E encerro o assunto com a sensação de que tanto entre nós os três ficou por dizer/fazer. Muito provavelmente teremos de nos encontrar em vidas futuras para terminar o enredo. Encerrando o assunto, só espero que não seja moda! Sim, é a 2ª pessoa ligada ao ensino que esteve nesse 1º piquenique nas Caldas e que em 2009 morreu por causa de cancro. Sim, está nesta fotografia e era, como o Zé lhe chamou, um verdadeiro furacão: tinha energia para dar e vender. Agora não tem mais.



Foi um prazer! Sentimos a tua falta! Fazes-nos falta!
Bem-hajas por tudo o que nos deste!








p.s. 1 ► Escrevi duas entradas particulares sobre si: uma explicação sobre como nos conhecemos »» e um comentário por altura do seu quinquagésimo aniversário »»
p.s. 2 ► Há quatro comentários particulares e especiais que nos deixou: várias coisas, incluindo o ensino »» + a amizade e as alianças que eu e o Zé passámos a usar »» + a homossexualidade e a hipocrisia (seguido de um comentário do Catatau) »» + o último comentário assinado como "a cota" »»

domingo, 11 de outubro de 2009

Família e Amigos

Chegou pela mão do Paulo, colegas na mesma escola. Confesso que o início não foi fácil. Por um lado havia o furacão e, por outro, um Caranguejo avesso a coisas muito repentinas. Houve momentos em que não soube compreendê-la, é certo. Mas, que diabo, as amizades também são feitas de "arrufos", ou não?
Durante o velório, no meio das conversas, percebi o quão pouco tantas vezes os familiares mais próximos percebem sobre nós. E não nos entendem. Não percebem nada!
Como isso me entristece. Dá que pensar sobre o valor da Amizade. Que estranha ligação é esta que se estabelece entre as pessoas que está, tantas vezes, para além dos elos biológicos?

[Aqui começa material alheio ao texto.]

(* Let $l:\mathbb{Z}^2\to\mathcal{L}^4_0$ be a principal contact element net with one family of spherical parameter lines $\{l_{i,j}\}_{i\in\mathbb{Z}}$. Then for any $j_0,j_1\in\mathbb{Z}$ there is a projective transformation $f_{j_0,j_1}:\bigvee_i l_{i,j_0}\to\bigvee_i l_{i,j_1}$ such that $f_{j_0,j_1}(l_{i,j_0})=l_{i,j_1}$ for all $i\in\mathbb{Z}$.
   Context: Let $e_1,\dots,e_6$ be an orthonormal basis of $\mathbb{R}^{4,2}$ with $\langle e_i,e_i\rangle=1$ for $i\le4$ and $\langle e_5,e_5\rangle=\langle e_6,e_6\rangle=-1$. The Lie quadric is $\mathcal{L}^4=\{[x]\in\mathbb{R}\mathrm{P}^5:\langle x,x\rangle=0\}$ and $\mathcal{L}^4_0$ the set of lines contained in $\mathcal{L}^4$. A principal contact element net is a map $l:\mathbb{Z}^2\to\mathcal{L}^4_0$ such that neighbouring lines ($l_{i,j},l_{i+1,j}$ and $l_{i,j},l_{i,j+1}$) intersect. $\bigvee$ denotes projective span. The net has one family of spherical parameter lines $\{l_{i,j}\}_{i\in\mathbb{Z}}$ if for every $j$ the span $\bigvee_i l_{i,j}$ is $4$-dimensional and the planes $\{l_{i,j}\vee l_{i,j+1}\}_{i\in\mathbb{Z}}$ are concurrent (have a common point). Standing assumption: all data are generic (in general position subject to the stated constraints). *)

(* R^{4,2} = row vectors 'rV[R]_6 over a realType R;
   linear subspaces are represented by the row spaces of 6x6 matrices (mxalgebra). *)
From HB Require Import structures.
From mathcomp Require Import all_boot all_order all_algebra.
From mathcomp Require Import reals.
Set Implicit Arguments. Unset Strict Implicit. Unset Printing Implicit Defensive.
Import Order.TTheory GRing.Theory Num.Theory.
Local Open Scope ring_scope.

Section LieGeometry.
Variable R : realType.

Definition lie_gram : 'M[R]_6 :=
  diag_mx (\row_(k < 6) (if (k < 4)%N then 1 else -1)).

(* A projective line of RP^5 (= 2-dim linear subspace, the row space of A)
   contained in the Lie quadric, i.e. totally isotropic. *)
Definition lie_line (A : 'M[R]_6) : Prop :=
  \rank A = 2%N /\ A *m lie_gram *m A^T = 0.

Definition meet_nontrivially (A B : 'M[R]_6) : Prop := (0 < \rank (A :&: B)%MS)%N.

Definition contact_element_net (l : int -> int -> 'M[R]_6) : Prop :=
  (forall i j, lie_line (l i j)) /\
  (forall i j, meet_nontrivially (l i j) (l (i + 1) j)) /\
  (forall i j, meet_nontrivially (l i j) (l i (j + 1))).

Definition is_span (L : int -> 'M[R]_6) (S : 'M[R]_6) : Prop :=
  (forall i, (L i <= S)%MS) /\
  (forall T : 'M[R]_6, (forall i, (L i <= T)%MS) -> (S <= T)%MS).

Definition common_point (l : int -> int -> 'M[R]_6) (j : int) (p : 'rV[R]_6) : Prop :=
  p != 0 /\ forall i, (p <= l i j + l i (j + 1)%R)%MS.

Definition spherical_family (l : int -> int -> 'M[R]_6) : Prop :=
  (forall j, exists S, is_span (fun i => l i j) S /\ \rank S = 5%N) /\
  (forall j, exists p, common_point l j p).

(* Genericity (standing assumption): the point of concurrency
   of the planes l_{i,j} \/ l_{i,j+1} can be chosen off the spans
   \bigvee_i l_{i,j} and \bigvee_i l_{i,j+1}. *)
Definition generic_concurrency (l : int -> int -> 'M[R]_6) : Prop :=
  forall j, exists p, common_point l j p /\
    (forall S, is_span (fun i => l i j) S -> ~~ (p <= S)%MS) /\
    (forall S, is_span (fun i => l i (j + 1)) S -> ~~ (p <= S)%MS).

(* f is (a linear map inducing) a projective transformation from the
   projective subspace S0 onto S1 (a linear isomorphism S0 -> S1). *)
Definition proj_transf_between (F S0 S1 : 'M[R]_6) : Prop :=
  (S0 *m F == S1)%MS /\ \rank (S0 *m F) = \rank S0.

End LieGeometry.

From HB Require Import structures.
From mathcomp Require Import all_boot all_order all_algebra.
From mathcomp Require Import reals.
From mathcomp Require Import zify.
Set Implicit Arguments. Unset Strict Implicit.
Import Order.TTheory GRing.Theory Num.Theory.
Local Open Scope ring_scope.

(* Fix j and a point p off the spans S_j and S_{j+1}, which are hyperplanes
   (rank 5). The central projection from p onto S_{j+1} maps the line l_{i,j}
   into the plane l_{i,j} + l_{i,j+1} through p, hence into the trace of that
   plane on S_{j+1}, which is the line l_{i,j+1}; being injective on lines
   missing p, it maps l_{i,j} onto l_{i,j+1}. Projecting onto S_j instead
   gives the inverse direction, and composing such maps along the integers
   from j0 to j1 carries every l_{i,j0} onto l_{i,j1}. Since S_{j0} and S_{j1}
   have the same rank, the composite then maps S_{j0} onto S_{j1}. *)

Section CentralProjection.
Variables (F : fieldType) (n : nat) (H : 'M[F]_n.+1) (p : 'rV[F]_n.+1).
Hypotheses (rankH : \rank H = n) (pNH : ~~ (p <= H)%MS).

Lemma hyperplane_addsmx_full m (X : 'M_(m, n.+1)) :
  ~~ (X <= H)%MS -> row_full (H + X)%MS.
Proof.
move=> XNH; have : (H < H + X)%MS.
  by rewrite ltmxE addsmxSl addsmx_sub submx_refl (negbTE XNH).
by rewrite ltmxErank rankH => /andP[_]; rewrite /row_full eqn_leq rank_leq_col.
Qed.

Lemma mxrank_cap_hyperplane m (A : 'M_(m, n.+1)) :
  (p <= A)%MS -> (\rank (A :&: H)).+1 = \rank A.
Proof.
move=> pA; have ANH : ~~ (A <= H)%MS by apply: contra pNH; apply: submx_trans.
have := mxrank_sum_cap H A.
by rewrite capmxC (eqP (hyperplane_addsmx_full ANH)) rankH addSnnS => /addnI.
Qed.

Definition central_proj : 'M[F]_n.+1 := proj_mx H <<p>>%MS.

Lemma central_proj_compl m (A : 'M_(m, n.+1)) :
  (A - A *m central_proj <= p)%MS.
Proof.
rewrite -(genmxE p); apply/proj_mx_compl_sub/submx_full.
by apply: hyperplane_addsmx_full; rewrite genmxE.
Qed.

Lemma central_proj_decomp m (A : 'M_(m, n.+1)) :
  (A <= A *m central_proj + p)%MS.
Proof.
have := addmx_sub_adds (submx_refl (A *m central_proj)) (central_proj_compl A).
by rewrite addrCA subrr addr0.
Qed.

Lemma mxrank_central_proj m (A : 'M_(m, n.+1)) :
  ~~ (p <= A)%MS -> \rank (A *m central_proj) = \rank A.
Proof.
move=> pNA; apply/eqP; rewrite eqn_leq mxrankM_maxl /=.
have : (A < A + p)%MS.
  by rewrite ltmxE addsmxSl addsmx_sub submx_refl (negbTE pNA).
rewrite ltmxErank => /andP[_ ltA].
have AP_p : (A + p <= A *m central_proj + p)%MS.
  by rewrite addsmx_sub addsmxSr central_proj_decomp.
have [le_sum _] := mxrank_adds_leqif (A *m central_proj) p.
have := mxrankS AP_p; have := rank_leq_row p; lia.
Qed.

Lemma central_proj_line (A B : 'M_n.+1) :
  (B <= H)%MS -> (p <= A + B)%MS -> ~~ (p <= A)%MS -> \rank A = \rank B ->
  (\rank A <= (\rank (A :&: B)).+1)%N -> (A *m central_proj == B)%MS.
Proof.
move=> BH pAB pNA rAB meetAB.
(* X is a hyperplane section of a space through p, so it has rank
   \rank (A + B) - 1 <= \rank B, and it contains B. *)
set X := ((A + B) :&: H)%MS.
have BX : (B <= X)%MS by rewrite sub_capmx addsmxSr BH.
have /andP[_ XB] : (B == X)%MS.
  have rX := mxrank_cap_hyperplane pAB; have := mxrank_sum_cap A B.
  have [_ <-] := mxrank_leqif_eq BX; rewrite eqn_leq mxrankS //=.
  rewrite -/X in rX; lia.
have APX : (A *m central_proj <= X)%MS.
  rewrite sub_capmx proj_mx_sub andbT -[X in (X <= _)%MS](subKr A).
  rewrite addmx_sub ?addsmxSl // eqmx_opp.
  exact: submx_trans (central_proj_compl A) pAB.
have [_ <-] := mxrank_leqif_eq (submx_trans APX XB).
by rewrite mxrank_central_proj // rAB.
Qed.

End CentralProjection.

Section CarriedFamilies.
Variables (F : fieldType) (n : nat).

Definition carried_onto (A B : int -> 'M[F]_n) : Prop :=
  exists M : 'M_n, forall i, (A i *m M == B i)%MS.

Lemma carried_onto_refl A : carried_onto A A.
Proof. by exists 1%:M => i; rewrite mulmx1 andbb submx_refl. Qed.

Lemma carried_onto_trans A B C :
  carried_onto A B -> carried_onto B C -> carried_onto A C.
Proof.
move=> [M AB] [N BC]; exists (M *m N) => i; rewrite mulmxA.
exact/eqmxP/(eqmx_trans (eqmxMr N (eqmxP (AB i))) (eqmxP (BC i))).
Qed.

End CarriedFamilies.

Lemma lines_carried_by_central_proj (F : fieldType) (n : nat)
    (A B : int -> 'M[F]_n.+1) (H : 'M_n.+1) (p : 'rV_n.+1) :
  \rank H = n -> ~~ (p <= H)%MS -> (forall i, B i <= H)%MS ->
  (forall i, ~~ (p <= A i)%MS) -> (forall i, p <= A i + B i)%MS ->
  (forall i, \rank (A i) = 2%N) -> (forall i, \rank (B i) = 2%N) ->
  (forall i, 0 < \rank (A i :&: B i))%N ->
  carried_onto A B.
Proof.
move=> rH pNH BH pNA pAB rA rB meet; exists (central_proj H p) => i.
by apply: central_proj_line; rewrite ?rA ?rB //; have := meet i; lia.
Qed.

Lemma int_adjacent_connect (P : int -> int -> Prop) :
  (forall j, P j j) -> (forall a b c, P a b -> P b c -> P a c) ->
  (forall j, P j (j + 1) /\ P (j + 1) j) -> forall j0 j1, P j0 j1.
Proof.
move=> refl trans adj.
have shift (k : nat) j : P j (j + k%:Z) /\ P (j + k%:Z) j.
  elim: k => [|k [fwd bwd]]; first by rewrite addr0.
  have [fwd1 bwd1] := adj (j + k%:Z).
  rewrite -addn1 PoszD addrA.
  by split; [exact: trans fwd fwd1 | exact: trans bwd1 bwd].
have shift_diff a b : a <= b -> a + `|b - a|%N = b.
  by move=> le_ab; rewrite gez0_abs ?subr_ge0 // addrCA subrr addr0.
move=> j0 j1; have [le01|lt10] := lerP j0 j1.
  by rewrite -(shift_diff _ _ le01); apply: (shift _ _).1.
by rewrite -(shift_diff _ _ (ltW lt10)); apply: (shift _ _).2.
Qed.

Section SphericalNets.
Variable R : realType.

Lemma is_span_eqmx (L : int -> 'M[R]_6) S S' :
  is_span L S -> is_span L S' -> (S == S')%MS.
Proof. by move=> [sub min] [sub' min']; rewrite (min _ sub') (min' _ sub). Qed.

Lemma is_span_mulmx_onto (A B : int -> 'M[R]_6) S0 S1 M :
  is_span A S0 -> is_span B S1 -> (forall i, A i *m M == B i)%MS ->
  \rank S0 = \rank S1 -> proj_transf_between M S0 S1.
Proof.
move=> [subA _] [_ minB] AB rS.
have S1M : (S1 <= S0 *m M)%MS.
  apply: minB => i; have /andP[_ BA] := AB i.
  exact: submx_trans BA (submxMr M (subA i)).
have rM : \rank (S0 *m M) = \rank S1.
  by apply/eqP; rewrite eqn_leq (mxrankS S1M) andbT -rS mxrankM_maxl.
split; last by rewrite rM.
have [_] := mxrank_leqif_eq S1M; rewrite rM eqxx => /esym/andP[? ?].
exact/andP.
Qed.

Lemma spherical_span_rank (l : int -> int -> 'M[R]_6) j S :
  spherical_family l -> is_span (fun i => l i j) S -> \rank S = 5%N.
Proof.
move=> [spans _] spS; have [S' [spS' rS']] := spans j.
by rewrite (eqmx_rank (is_span_eqmx spS spS')).
Qed.

Lemma spherical_net_adjacent_carried (l : int -> int -> 'M[R]_6) j :
  contact_element_net l -> spherical_family l -> generic_concurrency l ->
  carried_onto (fun i => l i j) (fun i => l i (j + 1)) /\
  carried_onto (fun i => l i (j + 1)) (fun i => l i j).
Proof.
move=> [lines [_ meet]] [spans _] gen.
have [p [[_ pl] [pNS0 pNS1]]] := gen j.
have [S0 [sp0 r0]] := spans j; have [S1 [sp1 r1]] := spans (j + 1).
have pNl k S : is_span (fun i => l i k) S -> ~~ (p <= S)%MS ->
    forall i, ~~ (p <= l i k)%MS.
  by move=> [sub _] pNS i; apply: contra pNS => /submx_trans; apply.
have rl k i : \rank (l i k) = 2%N by case: (lines i k).
split.
  apply: (lines_carried_by_central_proj r1 (pNS1 _ sp1) sp1.1) => // i.
  - exact: pNl sp0 (pNS0 _ sp0) i.
  - exact: meet.
apply: (lines_carried_by_central_proj r0 (pNS0 _ sp0) sp0.1) => // i.
- exact: pNl sp1 (pNS1 _ sp1) i.
- by rewrite addsmxC.
- by rewrite capmxC; apply: meet.
Qed.

End SphericalNets.

Unset Implicit Arguments.

Theorem proposition5p5 (R : realType) (l : int -> int -> 'M[R]_6) :
  contact_element_net l ->
  spherical_family l ->
  generic_concurrency l ->
  forall (j0 j1 : int) (S0 S1 : 'M[R]_6),
    is_span (fun i => l i j0) S0 ->
    is_span (fun i => l i j1) S1 ->
    exists F : 'M[R]_6,
      proj_transf_between F S0 S1 /\
      (forall i : int, (l i j0 *m F == l i j1)%MS).
Proof.
move=> net sph gen j0 j1 S0 S1 sp0 sp1.
have [M carry] : carried_onto (fun i => l i j0) (fun i => l i j1).
  apply: (int_adjacent_connect
    (P := fun a b => carried_onto (fun i => l i a) (fun i => l i b))).
  - by move=> j; apply: carried_onto_refl.
  - by move=> a b c; apply: carried_onto_trans.
  - by move=> j; apply: spherical_net_adjacent_carried.
exists M; split=> //; apply: (is_span_mulmx_onto sp0 sp1 carry).
by rewrite (spherical_span_rank sph sp0) (spherical_span_rank sph sp1).
Qed.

Já agora, o seu último email dizia:

Recebi…

Não sei quem escreveu…

Gostei…

Divulgo…

FELICIDADE

"A felicidade faz-se assim, cozinha-se nos intervalos das ausências, enquanto vamos largando o lastro de algumas pessoas e antecipando outras que chegam, adivinhando-as de expectativas intactas. É também olhar para quem fica e está dentro de nós, é cuidar e ser cuidado, tendo-se prazer na tarefa.

A felicidade é um momento aqui e outro acolá, é um vazio preenchido, é a palavra certa sob a luz ideal, é a sensação triunfante de controlo sobre algo que nos andava a fugir. É o inesperado exercício da liberdade, e é o alívio de dizer a verdade, de amar apenas a quem o coração manda. E de ser correspondido na dança palaciana do amor, que implica uma coreografia minuciosa e acertada.

A felicidade é a sincronia, o emparelhamento, a coincidência e a congeminação dos astros; é o triunfo do não quando a resposta não pode ser sim, é o alívio de estarmos no caminho certo e a certeza infantil do pote de ouro no fim do arco-íris, mesmo quando não acreditamos em contos de fadas.

A felicidade é sabermo-nos libertar das felicidades antigas, velhas e gastas, e conseguirmos rasgar fotografias com leveza na alma, em especial as que nunca chegaram a ser tiradas."

Existe!



***
Fica aqui Bobby McFerrin, outro génio que não só nos recomendou como nos ofereceu o DVD onde está este momento incrível


[Bobby McFerrin, Ave Maria]

quinta-feira, 8 de outubro de 2009

ciao!

Digo-vos que devem clicar no play (quem quiser, obviamente, mas Trilok Gurtu é muito bom)

Trilok Gurtu, Nanda (To My Mother) [pelo Arkè String Quartet]





A morte é simples e absolutamente anti-natural. Fácil de entender. Dizem que é o fado. Preferia que não fosse assim, mas até na data acertei. Ontem, no Coliseu, já sentados, à espera de Amália Hoje, às 21:12, recebo a mensagem: «A nossa amiga já partiu». Partiu! Abrupta, quase fulminante, intensa como ela bem sabia ser. Dois dias antes do piquenique organizado pelo Algbiboy, percebeu que não estava bem e que era grave, embora não soubesse do quê. Talvez afónico, não tenho palavras nem tempo. Não tenho. Muitos dos que nos lêem conviveram com com ela pelo menos no 1º piquenique do Algbiboy e no jantar de blogues deste ano, apesar de nunca ter tido blogue. Mas, e sem qualquer bazófia, é uma grande mulher, uma grande mãe, uma grande professora. Uma GRANDE Amiga. Humilde, mas um GRANDE ser humano. Mais tarde, escreverei mais sobre ela; agora, repito uma última frase que lhe escrevi há dois anos nesta entrada: «Ultimamente, temos falado muito pouco e sinto a sua falta. Where are you, dear?»